Saved entries >>
(* Fix the history g_{<=t}, z_{<t}. If g_t <> k, then X_{k,t+1} = X_{k,t}. Otherwise
   a(k,.) grows by 1 and c(k,.) by z_t, whose conditional mean p is given by (c), so
   x = c - a/n moves to x + 1 - 1/n with probability p and to x - 1/n otherwise. The
   linear terms -3c - 3a/n lose 3p + 3/n on average, which pays for the expected
   growth of f provided p >= 1/n on the branch x <= 0 (where f = x^2) and p <= 1/n on
   the branch x >= Y/n (where f = (x - Y/n)^2). Both follow from the formula in (c),
   since p >= 1/n iff n c <= a + Y; when (c) does not apply (a + Y >= mn), property
   (a) forces c = m, hence z_t = 0 and x > 0. *)

(* The ratio exceeds 1/N iff N c <= a + Y. *)
Lemma rate_bounds (F : realFieldType) (M N c a Y : F) :
  0 < N -> 0 <= Y -> 0 < M * N - a - Y ->
  (c - a / N <= 0 -> 1 / N <= (M - c) / (M * N - a - Y)) /\
  (Y / N <= c - a / N -> (M - c) / (M * N - a - Y) <= 1 / N).
Proof.
move=> N_gt0 Y_ge0 D_gt0.
have aN : a / N * N = a by rewrite divfK ?gt_eqF.
have YN : Y / N * N = Y by rewrite divfK ?gt_eqF.
split => h.
  by rewrite ler_pdivlMr // mulrAC ler_pdivrMr //; nra.
by rewrite ler_pdivrMr // mulrAC ler_pdivlMr //; nra.
Qed.

Section Potential.
Variables (R : realType) (m n : nat).
Hypothesis n_gt0 : (0 < n)%N.
Local Notation f := (fpot m n R).
Local Notation y := ((Ybig m n R)%:R / n%:R : R).

(* [Xkt m n R g z k t] is convertible to [Xval (ccnt g z k t)%:R (acnt g k t)%:R]. *)
Definition Xval (c a : R) : R := f (c - a / n%:R) - 3 * c - 3 * a / n%:R.

Lemma Ybig_div_ge0 : 0 <= y.
Proof. by rewrite divr_ge0 ?ler0n. Qed.

Lemma inv_n_gt0 : 0 < 1 / (n%:R : R).
Proof. by rewrite divr_gt0 ?ltr0n. Qed.

Lemma inv_n_le1 : 1 / (n%:R : R) <= 1.
Proof. by rewrite ler_pdivrMr ?ltr0n // mul1r ler1n. Qed.

Lemma fpot_nonpos {x} : x <= 0 -> f x = x ^+ 2.
Proof. by rewrite /fpot => ->. Qed.

Lemma fpot_flat {x} : 0 < x -> x < y -> f x = 0.
Proof. by move=> x_gt0 xy; rewrite /fpot leNgt x_gt0 xy. Qed.

Lemma fpot_high {x} : y <= x -> f x = (x - y) ^+ 2.
Proof.
move=> yx; have y_ge0 := Ybig_div_ge0.
case: (lerP x 0) => [x_le0|x_gt0]; last by rewrite /fpot leNgt x_gt0 ltNge yx.
have [-> ->] : x = 0 /\ y = 0 by split; lra.
by rewrite fpot_nonpos // subr0.
Qed.

Lemma fpot_le_sqr x : f x <= x ^+ 2.
Proof.
have := Ybig_div_ge0; case: (lerP x 0) => [/fpot_nonpos -> //|x_gt0 y_ge0].
case: (ltrP x y) => [/(fpot_flat x_gt0) ->|xy]; first exact: sqr_ge0.
rewrite fpot_high //; nra.
Qed.

Lemma fpot_le_sqr_shift x : f x <= (x - y) ^+ 2.
Proof.
have := Ybig_div_ge0; case: (lerP x 0) => [x_le0 y_ge0|x_gt0 _].
  rewrite fpot_nonpos //; have : 0 <= - x by rewrite oppr_ge0.
  by move/mulr_ge0/(_ y_ge0); nra.
case: (ltrP x y) => [/(fpot_flat x_gt0) ->|/fpot_high -> //].
exact: sqr_ge0.
Qed.

Section Drift.
Variables (x p q : R).
Local Notation drift := (p * f (x + 1 - q) + (1 - p) * f (x - q)).

Lemma fpot_drift_nonpos : 0 <= p <= 1 -> 0 < q <= 1 -> x <= 0 -> q <= p ->
  drift <= f x + 3 * p + 3 * q.
Proof.
move=> /andP[p_ge0 p_le1] /andP[q_gt0 q_le1] x_le0 qp; rewrite (fpot_nonpos x_le0).
have := ler_wpM2l p_ge0 (fpot_le_sqr (x + 1 - q)).
have := ler_wpM2l (_ : 0 <= 1 - p) (fpot_le_sqr (x - q)).
rewrite subr_ge0 => /(_ p_le1).
nra.
Qed.

Lemma fpot_drift_flat : 0 <= p <= 1 -> 0 < q <= 1 -> 0 < x -> x < y ->
  drift <= f x + 3 * p + 3 * q.
Proof.
move=> /andP[p_ge0 p_le1] /andP[q_gt0 q_le1] x_gt0 xy; rewrite (fpot_flat x_gt0 xy).
have f1 : f (x + 1 - q) <= 1.
  have x1_gt0 : 0 < x + 1 - q by lra.
  case: (ltrP (x + 1 - q) y) => [/(fpot_flat x1_gt0) -> //|yx1].
  rewrite (fpot_high yx1) expr2.
  have [a_ge0 a_le1] : 0 <= x + 1 - q - y /\ x + 1 - q - y <= 1 by split; lra.
  exact: mulr_ile1.
have f2 : f (x - q) <= q ^+ 2.
  case: (lerP (x - q) 0) => [x_le0|x_gt0']; first by rewrite (fpot_nonpos x_le0); nra.
  by rewrite (fpot_flat x_gt0') ?sqr_ge0 //; lra.
have := ler_wpM2l p_ge0 f1.
have := ler_wpM2l (_ : 0 <= 1 - p) f2; rewrite subr_ge0 => /(_ p_le1).
nra.
Qed.

Lemma fpot_drift_high : 0 <= p <= 1 -> 0 < q <= 1 -> y <= x -> p <= q ->
  drift <= f x + 3 * p + 3 * q.
Proof.
move=> /andP[p_ge0 p_le1] /andP[q_gt0 q_le1] yx pq; rewrite (fpot_high yx).
have := ler_wpM2l p_ge0 (fpot_le_sqr_shift (x + 1 - q)).
have := ler_wpM2l (_ : 0 <= 1 - p) (fpot_le_sqr_shift (x - q)).
rewrite subr_ge0 => /(_ p_le1).
nra.
Qed.

End Drift.

Lemma fpot_drift (x p q : R) : 0 <= p <= 1 -> 0 < q <= 1 ->
  (x <= 0 -> q <= p) -> (y <= x -> p <= q) ->
  p * f (x + 1 - q) + (1 - p) * f (x - q) <= f x + 3 * p + 3 * q.
Proof.
move=> p01 q01 lo hi.
case: (lerP x 0) => [x_le0|x_gt0]; first exact: fpot_drift_nonpos (lo x_le0).
case: (ltrP x y) => [xy|yx]; first exact: fpot_drift_flat.
exact: fpot_drift_high (hi yx).
Qed.

Lemma Xval_drift (c a p : R) : 0 <= p <= 1 ->
  (c - a / n%:R <= 0 -> 1 / n%:R <= p) -> (y <= c - a / n%:R -> p <= 1 / n%:R) ->
  Xval c (a + 1) + (Xval (c + 1) (a + 1) - Xval c (a + 1)) * p <= Xval c a.
Proof.
move=> p01 lo hi; have n_neq0 : n%:R != 0 :> R by rewrite pnatr_eq0 -lt0n.
have q01 : 0 < 1 / (n%:R : R) <= 1 by rewrite inv_n_gt0 inv_n_le1.
have := fpot_drift _ _ _ p01 q01 lo hi; rewrite /Xval.
have -> : c + 1 - (a + 1) / n%:R = c - a / n%:R + 1 - 1 / n%:R by field.
have -> : c - (a + 1) / n%:R = c - a / n%:R - 1 / n%:R by field.
have -> : 3 * (a + 1) / n%:R = 3 * a / n%:R + 3 * (1 / n%:R) by field.
lra.
Qed.

End Potential.

Lemma acnt_S n (g : nat -> 'I_n) k t : (0 < t)%N ->
  acnt g k t.+1 = (acnt g k t + (g t == k))%N.
Proof.
by case: t => // t _; rewrite /acnt -[t.+2.-1]addn1 iotaD count_cat /= add1n addn0.
Qed.

Lemma ccnt_S n (g : nat -> 'I_n) z k t : (0 < t)%N ->
  ccnt g z k t.+1 = (ccnt g z k t + ((g t == k) && z t))%N.
Proof.
by case: t => // t _; rewrite /ccnt -[t.+2.-1]addn1 iotaD count_cat /= add1n addn0.
Qed.

Lemma acnt_le {n} (g : nat -> 'I_n) k t : (acnt g k t <= t.-1)%N.
Proof. by rewrite -[t.-1](size_iota 1) count_size. Qed.

Lemma eq_in_pre A (v v' : nat -> A) t :
  pre v t = pre v' t -> forall i, (1 <= i <= t)%N -> v i = v' i.
Proof. by move=> /eq_in_map eq_vv' i i_le; apply: eq_vv'; rewrite mem_iota; lia. Qed.

Lemma eq_in_acnt n (g g' : nat -> 'I_n) k t :
  (forall i, (1 <= i < t)%N -> g i = g' i) -> acnt g k t = acnt g' k t.
Proof.
move=> eq_gg'; apply: eq_in_count => i; rewrite mem_iota => i_lt.
by rewrite eq_gg' //; lia.
Qed.

Lemma eq_in_ccnt n (g g' : nat -> 'I_n) z z' k t :
  (forall i, (1 <= i < t)%N -> g i = g' i) ->
  (forall i, (1 <= i < t)%N -> z i = z' i) -> ccnt g z k t = ccnt g' z' k t.
Proof.
move=> eq_gg' eq_zz'; apply: eq_in_count => i; rewrite mem_iota => i_lt.
by rewrite eq_gg' ?eq_zz' //; lia.
Qed.

Section CondExp.
Context {R : realType} {Omega : finType} {P : Omega -> R}.
Context {K : eqType} {key : Omega -> K} {w : Omega}.
Hypotheses (P_ge0 : forall w', 0 <= P w') (Pw_gt0 : 0 < P w).
Local Notation E X := (condexp R Omega P K X key w).
Local Notation atom := (fun w' => key w' == key w).

Lemma atom_mass_gt0 : 0 < \sum_(w' | atom w') P w'.
Proof.
rewrite (bigD1 w) //=; apply: (lt_le_trans Pw_gt0); rewrite lerDl.
exact: sumr_ge0.
Qed.

Lemma condexp_affine {X Z : Omega -> R} {a b : R} :
  (forall w', atom w' -> X w' = a + b * Z w') -> E X = a + b * E Z.
Proof.
move=> XE; rewrite /condexp (eq_bigr (fun w' => a * P w' + b * (P w' * Z w'))).
  rewrite big_split /= -!mulr_sumr; field; exact: lt0r_neq0 atom_mass_gt0.
by move=> w' /XE ->; ring.
Qed.

Lemma condexp_const {X : Omega -> R} {a : R} :
  (forall w', atom w' -> X w' = a) -> E X = a.
Proof.
move=> XE; rewrite (@condexp_affine X X a 0) ?mul0r ?addr0 // => w' /XE ->.
by rewrite mul0r addr0.
Qed.

Lemma condexp_eq0 {X : Omega -> R} :
  (forall w', atom w' -> 0 < P w' -> X w' = 0) -> E X = 0.
Proof.
move=> X0; rewrite /condexp big1 ?mul0r // => w' atom_w'.
have [->|P_neq0] := eqVneq (P w') 0; first by rewrite mul0r.
by rewrite X0 ?mulr0 // lt_def P_neq0 P_ge0.
Qed.

Lemma condexp_indicator_bounds (b : Omega -> bool) :
  0 <= E (fun w' => (b w' : nat)%:R) <= 1.
Proof.
have mass_gt0 := atom_mass_gt0; apply/andP; split.
  rewrite divr_ge0 ?(ltW mass_gt0) //; apply: sumr_ge0 => w' _.
  by rewrite mulr_ge0 ?ler0n.
rewrite ler_pdivrMr // mul1r; apply: ler_sum => w' _.
by case: (b w'); rewrite ?mulr1 ?mulr0.
Qed.

End CondExp.

Section OneRound.
Variables (R : realType) (m n : nat) (Omega : finType) (P : Omega -> R).
Variables (g : Omega -> nat -> 'I_n) (z : Omega -> nat -> bool).
Hypotheses (n_gt0 : (0 < n)%N) (P_ge0 : forall w, 0 <= P w).
Local Notation Y := (Ybig m n R).
Hypothesis hit_count_bounds :
  forall w, 0 < P w -> forall (k : 'I_n) t, (1 <= t <= (m * n).+1)%N ->
  (m <= ccnt (g w) (z w) k t + (m * n - acnt (g w) k t - Y))%N
  && (ccnt (g w) (z w) k t <= m)%N.
Hypothesis hit_rate : forall t, (1 <= t <= m * n)%N -> forall w, 0 < P w ->
  (acnt (g w) (g w t) t + Y < m * n)%N ->
  condexp R Omega P _ (fun w' => ((z w' t : nat)%:R : R))
    (fun w' => (pre (g w') t, pre (z w') t.-1)) w
  = ((m%:R - (ccnt (g w) (z w) (g w t) t)%:R) /
     ((m * n)%:R - (acnt (g w) (g w t) t)%:R - Y%:R)).

Variables (k : 'I_n) (t : nat) (w : Omega).
Hypotheses (t_gt0 : (0 < t)%N) (t_le_mn : (t <= m * n)%N) (Pw_gt0 : 0 < P w).
Local Notation key := (fun w' => (pre (g w') t, pre (z w') t.-1)).
Local Notation c0 := (ccnt (g w) (z w) k t).
Local Notation a0 := (acnt (g w) k t).
Local Notation p := (condexp R Omega P _ (fun w' => ((z w' t : nat)%:R : R)) key w).

Lemma atom_counts w' : key w' == key w ->
  [/\ g w' t = g w t, ccnt (g w') (z w') k t = c0 & acnt (g w') k t = a0].
Proof.
move=> /eqP[/eq_in_pre eq_g /eq_in_pre eq_z].
have eq_g' i : (1 <= i < t)%N -> g w' i = g w i by move=> ?; apply: eq_g; lia.
split; first by apply: eq_g; lia.
  by apply: eq_in_ccnt => // i ?; apply: eq_z; lia.
exact: eq_in_acnt.
Qed.

Lemma Xkt_succ_atom w' : key w' == key w ->
  Xkt m n R (g w') (z w') k t.+1
  = Xval R m n (c0 + ((g w t == k) && z w' t))%:R (a0 + (g w t == k))%:R.
Proof.
by move=> /atom_counts[eq_gt eq_c eq_a]; rewrite /Xkt ccnt_S // acnt_S // eq_gt eq_c eq_a.
Qed.

Lemma rate_saturated : g w t = k -> (m * n <= a0 + Y)%N -> c0 = m /\ p = 0.
Proof.
move=> gk sat; have t_range : (1 <= t <= (m * n).+1)%N by lia.
have /andP[c0_ge c0_le] := hit_count_bounds w Pw_gt0 k t t_range.
split; first lia.
apply: condexp_eq0 => // w' atom_w' Pw'_gt0.
have t1_range : (1 <= t.+1 <= (m * n).+1)%N by lia.
have /andP[_] := hit_count_bounds w' Pw'_gt0 k t.+1 t1_range.
have [eq_gt eq_c _] := atom_counts w' atom_w'.
rewrite ccnt_S // eq_c eq_gt gk eqxx /=.
by case: (z w' t) => //=; lia.
Qed.

Lemma atom_rate_bounds : g w t = k ->
  ((c0%:R - a0%:R / n%:R : R) <= 0 -> 1 / n%:R <= p) /\
  (Y%:R / n%:R <= (c0%:R - a0%:R / n%:R : R) -> p <= 1 / n%:R).
Proof.
move=> gk; have n_pos : 0 < (n%:R : R) by rewrite ltr0n.
case: (ltnP (a0 + Y) (m * n)) => [unsat|sat].
  have p_eq : p = (m%:R - c0%:R) / ((m * n)%:R - a0%:R - Y%:R).
    by rewrite hit_rate ?t_gt0 ?gk.
  rewrite p_eq natrM; apply: rate_bounds => //.
  by move: unsat; rewrite -(ltr_nat R) natrD natrM; lra.
have [c0_eq p0] := rate_saturated gk sat; rewrite p0 c0_eq.
have x_gt0 : (0 : R) < m%:R - a0%:R / n%:R.
  rewrite subr_gt0 ltr_pdivrMr // -natrM ltr_nat.
  by have := acnt_le (g w) k t; lia.
split=> [x_le0|_]; first by move: x_gt0 x_le0; lra.
by rewrite divr_ge0 ?ler0n.
Qed.

Lemma condexp_Xkt_succ_le :
  condexp R Omega P _ (fun w' => Xkt m n R (g w') (z w') k t.+1) key w
  <= Xkt m n R (g w) (z w) k t.
Proof.
have [gk|gk] := eqVneq (g w t) k; last first.
  rewrite (condexp_const P_ge0 Pw_gt0 (a := Xkt m n R (g w) (z w) k t)) // => w'.
  by move=> /Xkt_succ_atom ->; rewrite (negbTE gk) /= !addn0.
have XE w' : key w' == key w -> Xkt m n R (g w') (z w') k t.+1 =
    Xval R m n c0%:R (a0%:R + 1)
    + (Xval R m n (c0%:R + 1) (a0%:R + 1) - Xval R m n c0%:R (a0%:R + 1)) * (z w' t)%:R.
  move=> /Xkt_succ_atom ->; rewrite gk eqxx /= !natrD.
  by case: (z w' t); rewrite /= ?mulr1 ?mulr0 ?addr0 // subrKC.
have [lo hi] := atom_rate_bounds gk.
rewrite (condexp_affine P_ge0 Pw_gt0 XE).
exact: Xval_drift n_gt0 _ _ _ (condexp_indicator_bounds P_ge0 Pw_gt0 _) lo hi.
Qed.

End OneRound.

What this task involves >>
Up to and including the line with "x = c - a/n moves", print every line of the records from the start.

Response >>
(* Fix the history g_{<=t}, z_{<t}. If g_t <> k, then X_{k,t+1} = X_{k,t}. Otherwise
   a(k,.) grows by 1 and c(k,.) by z_t, whose conditional mean p is given by (c), so
   x = c - a/n moves to x + 1 - 1/n with probability p and to x - 1/n otherwise. The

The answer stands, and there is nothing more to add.